Protesters surrounding the Legislative Yuan on March 20
Taiwanese riot police were deployed early yesterday morning to dissolve the protests that have occupied the island’s legislative building for the past week. With batons flailing and water-cannons firing, the protest was broken-up after 61 were arrested and more than 150 injured, but with no deaths.
It apparently took “seven waves” of riot police which—especially if they were the ninja-style cops we covered last year—sounds utterly terrifying. Demonstrators shouted against police brutality, and some (now disproved) rumors of a protestor’s death briefly circulated online.
South China Morning Post interviewed a number of protestors:
“How could they treat us like a rioter? We are just plain students,” said a soaking wet and weeping Huang Pei-feng, a sophomore of National Taiwan University, who was among those who faced the water canon.
“This won’t stop us. We will continue our protest until [president] Ma Ying-jeou scraps the trade service pact,” said Alex Chen, a student of National Chengkung University, after he was dragged to the ground during the dispersal.
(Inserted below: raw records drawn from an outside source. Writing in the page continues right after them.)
(* Let $\mu=(\mu_1\geq\mu_2\geq\dots\geq\mu_k>\mu_{k+1}=0)$ be a partition, let $\bar{\mu}=(\bar\mu_1\ge\bar\mu_2\ge\cdots)$ be its conjugate partition, and let $y$ be an indeterminate. Then for every integer $\ell$ with $1\le \ell\le \mu_1$, $$ \frac{1}{\mu_1+y}\prod_{1\le i\le\bar{\mu}_{\ell}}\frac{\mu_i-i+1+y}{\mu_i-i+y}=\frac{1}{\ell-\bar{\mu}_{\ell}-1+y}\prod_{\ell\le j\le \mu_1}\frac{j-\bar{\mu}_j-1+y}{j-\bar{\mu}_j+y}$$ as rational functions in $y$.
   Context: For a partition $\mu$, the conjugate partition $\bar\mu$ is defined by: $\bar{\mu}_j$ is the number of indices $i$ with $\mu_i\ge j$ (the number of nodes in column $j$ of the Young diagram of $\mu$). *)

From mathcomp Require Import all_boot all_order all_algebra.
From mathcomp Require Export fraction.
Set Implicit Arguments. Unset Strict Implicit. Unset Printing Implicit Defensive.

Definition is_partition (mu : seq nat) : bool :=
  sorted geq mu && (0 \notin mu).

(* 1-indexed part mu_i (equal to 0 for i > k). *)
Definition part (mu : seq nat) (i : nat) : nat := nth 0 mu i.-1.

Definition conj_part (mu : seq nat) (j : nat) : nat :=
  count (fun m => j <= m) mu.

Definition ratfun := {fraction {poly rat}}.
Definition yvar : ratfun := tofrac ('X : {poly rat}).

From mathcomp Require Import all_boot all_order all_algebra.
From mathcomp Require Import fraction.
From mathcomp Require Import ring zify.
Import GRing.Theory.
Local Open Scope ring_scope.

(* Write F(a) := a + y and let mu' be the conjugate partition.  Passing from l + 1
   to l adds one column factor on the right, and on the left the rows with
   mu_i = l, i.e. mu'_(l+1) < i <= mu'_l; along them mu_i - i drops by one at
   each step, so they telescope to F(l - mu'_(l+1))/F(l - mu'_l), which is what
   the new column factor and the change of prefactor require.  Descending
   induction from l = mu_1 + 1, where both products are empty, proves the
   identity with cleared denominators; all that is used about y is that -y is
   not an integer. *)

Lemma leq_nth_count (s : seq nat) (i j : nat) : sorted geq s -> (0 < j)%N ->
  (j <= nth 0 s i)%N = (i < count (leq j) s)%N.
Proof.
elim: s i => [|x s IHs] i /= s_sorted j_gt0; first by rewrite nth_nil ltn0 leqNgt j_gt0.
have s_sorted' : sorted geq s := path_sorted s_sorted.
have x_ge_s : all (geq x) s.
  by apply: order_path_min s_sorted => a b c /= ba cb; apply: leq_trans cb ba.
have [j_le_x | x_lt_j] := leqP j x.
  by case: i => [|i] /=; rewrite ?j_le_x add1n ?ltnS ?IHs.
have count_s : count (leq j) s = 0%N.
  apply/eqP; rewrite eqn0Ngt -has_count; apply/hasPn => y y_in_s.
  by rewrite -ltnNge (leq_ltn_trans (allP x_ge_s y y_in_s)).
by case: i => [|i] /=; rewrite count_s; [rewrite leqNgt x_lt_j | rewrite IHs ?count_s].
Qed.

Section ConjugatePartition.

Variable mu : seq nat.
Hypothesis mu_partition : is_partition mu.

Lemma leq_part_conj (i j : nat) : (0 < i)%N -> (0 < j)%N ->
  (j <= part mu i)%N = (i <= conj_part mu j)%N.
Proof.
case/andP: mu_partition => mu_sorted _ i_gt0 j_gt0.
by rewrite /part leq_nth_count // prednK.
Qed.

Lemma conj_part_leS (l : nat) : (conj_part mu l.+1 <= conj_part mu l)%N.
Proof. by apply: sub_count => m /ltnW. Qed.

Lemma conj_part_gt_first_part : conj_part mu (part mu 1).+1 = 0%N.
Proof. by apply/eqP; rewrite -leqn0 leqNgt -leq_part_conj ?ltnn. Qed.

Lemma part_eq_conj_part_range (l i : nat) : (0 < l)%N ->
  (conj_part mu l.+1 < i <= conj_part mu l)%N -> part mu i = l.
Proof.
move=> l_gt0 /andP[lt_i le_i]; have i_gt0 : (0 < i)%N by apply: leq_ltn_trans lt_i.
by apply/eqP; rewrite eqn_leq leqNgt leq_part_conj // -ltnNge lt_i leq_part_conj.
Qed.

End ConjugatePartition.

Lemma telescope_prodf (K : fieldType) (m n : nat) (g : nat -> K) :
  (m <= n)%N -> (forall k, g k != 0) ->
  \prod_(m <= k < n) (g k / g k.+1) = g m / g n.
Proof.
move=> le_mn g_neq0; rewrite (telescope_big (fun i j => g i / g j)).
  by case: ltnP => [//|le_nm]; rewrite (@anti_leq n m) ?le_mn ?le_nm // divff.
by move=> k _ /=; rewrite mulrA divfK.
Qed.

Section HookProducts.

Variables (K : fieldType) (y : K).
Hypothesis y_generic : forall a b : nat, a%:R - b%:R + y != 0.
Variable mu : seq nat.
Hypothesis mu_partition : is_partition mu.

Definition row_ratio_prod (l : nat) : K :=
  \prod_(1 <= i < (conj_part mu l).+1)
     (((part mu i)%:R - i%:R + 1 + y) / ((part mu i)%:R - i%:R + y)).

Definition col_ratio_prod (l : nat) : K :=
  \prod_(l <= j < (part mu 1).+1)
     ((j%:R - (conj_part mu j)%:R - 1 + y) / (j%:R - (conj_part mu j)%:R + y)).

Lemma row_ratio_prodS (l : nat) : (0 < l)%N ->
  row_ratio_prod l = row_ratio_prod l.+1 *
    ((l%:R - (conj_part mu l.+1)%:R + y) / (l%:R - (conj_part mu l)%:R + y)).
Proof.
move=> l_gt0; rewrite /row_ratio_prod (big_cat_nat _ (n := (conj_part mu l.+1).+1)) //=;
  last exact: conj_part_leS.
congr (_ * _).
pose g k := l.+1%:R - k%:R + y.
rewrite (eq_big_nat _ _ (F2 := fun i => g i / g i.+1)).
  rewrite telescope_prodf ?ltnS ?conj_part_leS //; last by move=> k; apply: y_generic.
  by congr (_ * _^-1); rewrite /g; ring.
move=> i /andP[lt_i le_i]; rewrite (@part_eq_conj_part_range mu mu_partition l i l_gt0);
  last by rewrite lt_i -ltnS.
by congr (_ * _^-1); rewrite /g; ring.
Qed.

Lemma col_ratio_prodS (l : nat) : (l <= part mu 1)%N ->
  col_ratio_prod l = (l%:R - (conj_part mu l)%:R - 1 + y) /
    (l%:R - (conj_part mu l)%:R + y) * col_ratio_prod l.+1.
Proof. by move=> le_l; rewrite /col_ratio_prod big_ltn. Qed.

Lemma row_col_ratio_prod (l : nat) : (0 < l <= (part mu 1).+1)%N ->
  row_ratio_prod l * (l%:R - (conj_part mu l)%:R - 1 + y) =
  ((part mu 1)%:R + y) * col_ratio_prod l.
Proof.
move=> /andP[l_gt0 le_l]; move Ek : ((part mu 1).+1 - l)%N => k.
elim: k l l_gt0 le_l Ek => [|k IHk] l l_gt0 le_l Ek.
  have -> : l = (part mu 1).+1 by lia.
  rewrite /row_ratio_prod /col_ratio_prod conj_part_gt_first_part // !big_geq //.
  by rewrite mul1r mulr1; ring.
have l_le_first : (l <= part mu 1)%N by lia.
have IH : row_ratio_prod l.+1 * (l%:R - (conj_part mu l.+1)%:R + y) =
          ((part mu 1)%:R + y) * col_ratio_prod l.+1.
  by rewrite -IHk ?ltnS //; [congr (_ * _); ring | lia].
rewrite row_ratio_prodS // col_ratio_prodS // -!mulrA mulrA IH; ring.
Qed.

Lemma hook_ratio_identity (l : nat) : (1 <= l <= part mu 1)%N ->
  ((part mu 1)%:R + y)^-1 * row_ratio_prod l =
  (l%:R - (conj_part mu l)%:R - 1 + y)^-1 * col_ratio_prod l.
Proof.
move=> /andP[l_gt0 le_l].
have first_neq0 : (part mu 1)%:R + y != 0 by have := y_generic (part mu 1) 0; rewrite subr0.
have hook_neq0 : l%:R - (conj_part mu l)%:R - 1 + y != 0.
  by have := y_generic l (conj_part mu l).+1; congr (_ != 0); ring.
rewrite -[row_ratio_prod l](mulfK hook_neq0) row_col_ratio_prod ?l_gt0 ?leqW //.
by field; rewrite first_neq0 hook_neq0.
Qed.

End HookProducts.

Lemma yvar_generic (a b : nat) : a%:R - b%:R + yvar != 0.
Proof.
have -> : (a%:R - b%:R : ratfun) = (a%:Z - b%:Z)%:~R by rewrite intrB.
rewrite /yvar -(rmorph_int (@tofrac _)) -tofracD tofrac_eq0 addrC.
by rewrite -(rmorph_int (@polyC _)) -size_poly_eq0 size_XaddC.
Qed.

Theorem lemma2p7 (mu : seq nat) (l : nat) :
  is_partition mu ->
  (1 <= l <= part mu 1)%N ->
  (((part mu 1)%:R + yvar)^-1 *
     \prod_(1 <= i < (conj_part mu l).+1)
        (((part mu i)%:R - i%:R + 1 + yvar) / ((part mu i)%:R - i%:R + yvar))
   : ratfun)
  =
  (l%:R - (conj_part mu l)%:R - 1 + yvar)^-1 *
     \prod_(l <= j < (part mu 1).+1)
        ((j%:R - (conj_part mu j)%:R - 1 + yvar) / (j%:R - (conj_part mu j)%:R + yvar)).
Proof. by move=> mu_partition; apply: hook_ratio_identity _ _ yvar_generic _ mu_partition l. Qed.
The occupation of the parliamentary building was called “illegal” by President Ma Ying-jeou and, regardless of one’s sympathy for the protestors’ cause, the man ain’t wrong. The occupation is over, but the protests may have just begun; president Ma is meeting with senior officials to discuss the impact of the protests, and there is no word yet (although optimism should be kept in check) if the China/Taiwan trade bill that sparked these protests will be reviewed by the legislature.